Mitigating Plant Pandemics

It’s not easy for anyone to navigate the pandemic these days, let alone a 5.7 earthquake and then hurricane-force winds that uprooted thousands of trees in Salt Lake Valley.

Harder still when you’ve been tapped in Germany to be a new faculty member in the School of Biological Sciences… and you have a lab to launch.

Such was the case last year when Talia Karasov, an evolutionary geneticist who studies plant-microbe interactions at the Max Planck Institute in Tuebingen Germany, found herself on an airplane headed to Salt Lake City. She is part of a recent innovative hiring cluster at the University of Utah in which multiple, related academic units come together to hire researchers who study related topics in evolutionary biology. Karasov made it safely, masked and sociallydistanced, to Utah and began setting up her lab—similar to launching a startup. It’s been a whirlwind execution. Fortunately, her dog “Laika,” named after another famous traveling dog (the first to orbit earth… on the Russians’ Sputnik), has been there all along as a steadying force.

Traversing new frontiers is in the family, apparently. For Karasov, though, “going boldly where no one has gone before” is decidedly earthbound… through flora and its pathogens. Plant pathogens pose a huge problem for food security around the globe. Annually, plant pests—including microbes and insects—are responsible for 20–40% loss in agricultural yield. Decades of research on pathogen resistance has led to great success in identifying, developing and deploying pathogen-resistant crop varieties. Unfortunately, pathogens often evolve quickly to overcome these resistance traits. A common pattern has emerged in which a single genotype of pathogen evolves to circumvent resistance, and spreads widely to other populations and then globally. Once the pathogen evolves to circumvent resistance, the cycle begins anew. It’s hard if not impossible to keep up with these arms races in various cash crops, especially when the cycle of resistance/counter-resistance can happen within a few years.

This boom-bust cycle may not be inevitable, however. Indeed, anecdotal evidence from wild plant systems suggests that many (if not most) wild plants are less likely to suffer epidemics.

In her research of plant-pathogen interactions Karasov studies non-agricultural plant systems to understand which factors

are important for preventing outbreaks. Substantial evidence points to the role of diversity—genetic and environmental—in keeping plants healthy. It has been widely hypothesized that genetic diversity in plants, or the lack thereof, plays a central role in plant-pathogen epidemics. In modern agriculture, we often plant single genotypes of crops across large areas. This low genetic diversity sets up a perfect environment for a pathogen to invade and spread widely. In contrast, wild plants differ between individuals in their immune systems, and a pathogen that can infect one plant in a population may not find success in the neighboring plant that encodes a different immune complement.

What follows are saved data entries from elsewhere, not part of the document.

Lemma centralizer_abelian : abelian_set (centralizer L).
Proof.
move=> a b ha hb; have [Ma | ->] := centralizer_units_or0 ha; last by rewrite mul0r mulr0.
apply: (commute_of_centralizer_derived hdiv hM Ma (centralizer_units_or0 hb)).
  exact/centralizer_units_or0/centralizer_add1.
by move=> z hz; apply: ha; apply: LMd.
Qed.

Lemma units_centralizer_normal : normal_sub (units_of (centralizer L)) M.
Proof.
split; first exact/units_of_subgroup/centralizer_division_subring.
  exact: units_centralizer_sub.
move=> c m [hc c0] hm; split; first exact (centralizer_conj hdiv hM nL hm hc).
by rewrite divring_conj_neq0 // -(divring_unitE hdiv) (subgroup_unit hdiv hM hm).
Qed.

Lemma units_centralizer_abelian : abelian_set (units_of (centralizer L)).
Proof. by move=> a b [ha _] [hb _]; apply: centralizer_abelian. Qed.

Lemma units_centralizer_max_abelian_normal :
  max_abelian_normal (units_of (centralizer L)) M.
Proof.
split; [exact: units_centralizer_normal | exact: units_centralizer_abelian |].
move=> B [[_ Bnz _ _] _ _] Bab hAB y; split=> [hy | /hAB //]; split; last exact: Bnz.
move=> t ht; have [-> | t0] := eqVneq t 0; first by rewrite mul0r mulr0.
by apply: Bab => //; apply: hAB; split=> //; apply: abelian_sub_centralizer.
Qed.

Lemma max_abelian_normal_eq_units B : max_abelian_normal B M ->
  seteq B (units_of (centralizer L)).
Proof.
move=> [nB Bab Bmax].
suff hBA : dsubset B (units_of (centralizer L)).
  move=> y; split=> [/hBA // | hy].
  by apply/(Bmax _ units_centralizer_normal units_centralizer_abelian hBA y).
move=> b hb; split; last by case: nB => [[_ Bnz _ _] _ _]; apply: Bnz.
move=> t ht; apply/esym/(normal_abelian_commute hdiv nB Bab _ _ hb).
  exact/centralizer_units_or0/abelian_sub_centralizer.
exact/centralizer_units_or0/centralizer_add1/abelian_sub_centralizer.
Qed.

Karasov’s work seeks to explicitly determine the impact of plant immune diversity on pathogen evolution and spread. “How are pathogens evolving and spreading in wild, heterogeneous populations?” is a central query propelling Karasov’s research. She begins asking this question by performing field surveys to assess the abundance and genotypes of pathogens infecting wild populations. Once she has determined which microbes are colonizing a host, she uses comparative and population genomics analyses to determine which plant and microbial genes are evolving in response to one another. These coevolutionary analyses pinpoint the molecular mechanisms that plants use to resist pathogens and that pathogens use to infect plants.

Through this interdisciplinary work that synthesizes field work with comparative genomics, microbiology and molecular biology Karasov and her colleagues are starting to get a picture of which genes and environmental factors are important for preventing pathogen spread.

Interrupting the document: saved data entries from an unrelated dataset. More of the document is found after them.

Definition ultrafilter (I : Type) (U : (I -> Prop) -> Prop) : Prop :=
  U (fun _ => True) /\
  ~ U (fun _ => False) /\
  (forall A B : I -> Prop, U A -> (forall i, A i -> B i) -> U B) /\
  (forall A B : I -> Prop, U A -> U B -> U (fun i => A i /\ B i)) /\
  (forall A : I -> Prop, U A \/ U (fun i => ~ A i)).

Definition up_class (I : Type) (V : I -> Type) (U : (I -> Prop) -> Prop)
  (a : forall i, V i) : (forall i, V i) -> Prop :=
  fun b => U (fun i => a i = b i).

Definition ultraprod (I : Type) (V : I -> Type) (U : (I -> Prop) -> Prop) : Type :=
  { P : (forall i, V i) -> Prop | exists a, P = up_class I V U a }.

Definition ultraprod_rel (I : Type) (V : I -> Type) (U : (I -> Prop) -> Prop)
  (E : forall i, V i -> V i -> Prop) (P Q : ultraprod I V U) : Prop :=
  exists a b, proj1_sig P = up_class I V U a /\ proj1_sig Q = up_class I V U b /\
              U (fun i => E i (a i) (b i)).

From Stdlib Require Import Arith Lia Classical ClassicalEpsilon
  FunctionalExtensionality PropExtensionality ProofIrrelevance.

(* (a) is Łoś's theorem for tree models.  Given tree models (t_i, S_i) of the G_i, the
   ultraproduct of the trees t_i, with the coordinatewise parent map, is again a rooted
   tree of height d.  Depths and labels take finitely many values, so they have U-limits,
   and the new S consists of the triples lying in U-many S_i.  Its leaves are the classes
   of sequences of leaves, and since two leaves are at distance at most 2d, adjacency is
   decided coordinatewise: the graph of this tree model is the ultraproduct of the G_i.
   (b) The diagonal map embeds H into its ultrapower as an induced subgraph, and TM_r(d)
   is closed under nonempty induced subgraphs: restrict a tree model to the ancestors of
   the leaves to be kept. *)

Lemma sig_eq {A : Type} {P : A -> Prop} (x y : {a | P a}) :
  proj1_sig x = proj1_sig y -> x = y.
Proof. apply eq_sig_hprop. intros; apply proof_irrelevance. Qed.

Definition induced_rel {V : Type} (E : V -> V -> Prop) (P : V -> Prop)
  (x y : {v | P v}) : Prop :=
  E (proj1_sig x) (proj1_sig y).

Section GraphIso.

Context {V W X : Type} {E : V -> V -> Prop} {F : W -> W -> Prop} {G : X -> X -> Prop}.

During her post-doc studies at Max Planck she and her team sought to learn about pathogen adaptation to a diverse host by studying wild populations of the model plant Arabidopsis thaliana. Karasov found that Arabidopsis populations were largely resistant to being overtaken by single strain outbreaks of the bacterial pathogen Pseudomonas syringae. Genetic diversity in Arabidopsis populations seems to have forced the diversification of the pathogen population, and has prevented any one pathogen from causing widespread disease. This research also identified numerous rapidly evolving genes in the pathogen populations that may be evolving in response to changes in the host populations.

It’s the sort of question embedded in host-pathogen evolution and the maintenance of genetic diversity that will certainly inspire inquiries here in Salt Lake City and to possible solutions to the fast turn-around cycle of defense-counter-defense in crop yields essential to our own survival as a species.

Meanwhile, since arriving in the Beehive State, Karasov has been joined by another four-legged friend, a cattle dog adopted here in Utah, and together they have successfully made a home despite the epidemio-, geo- and meteorological challenges they’ve faced.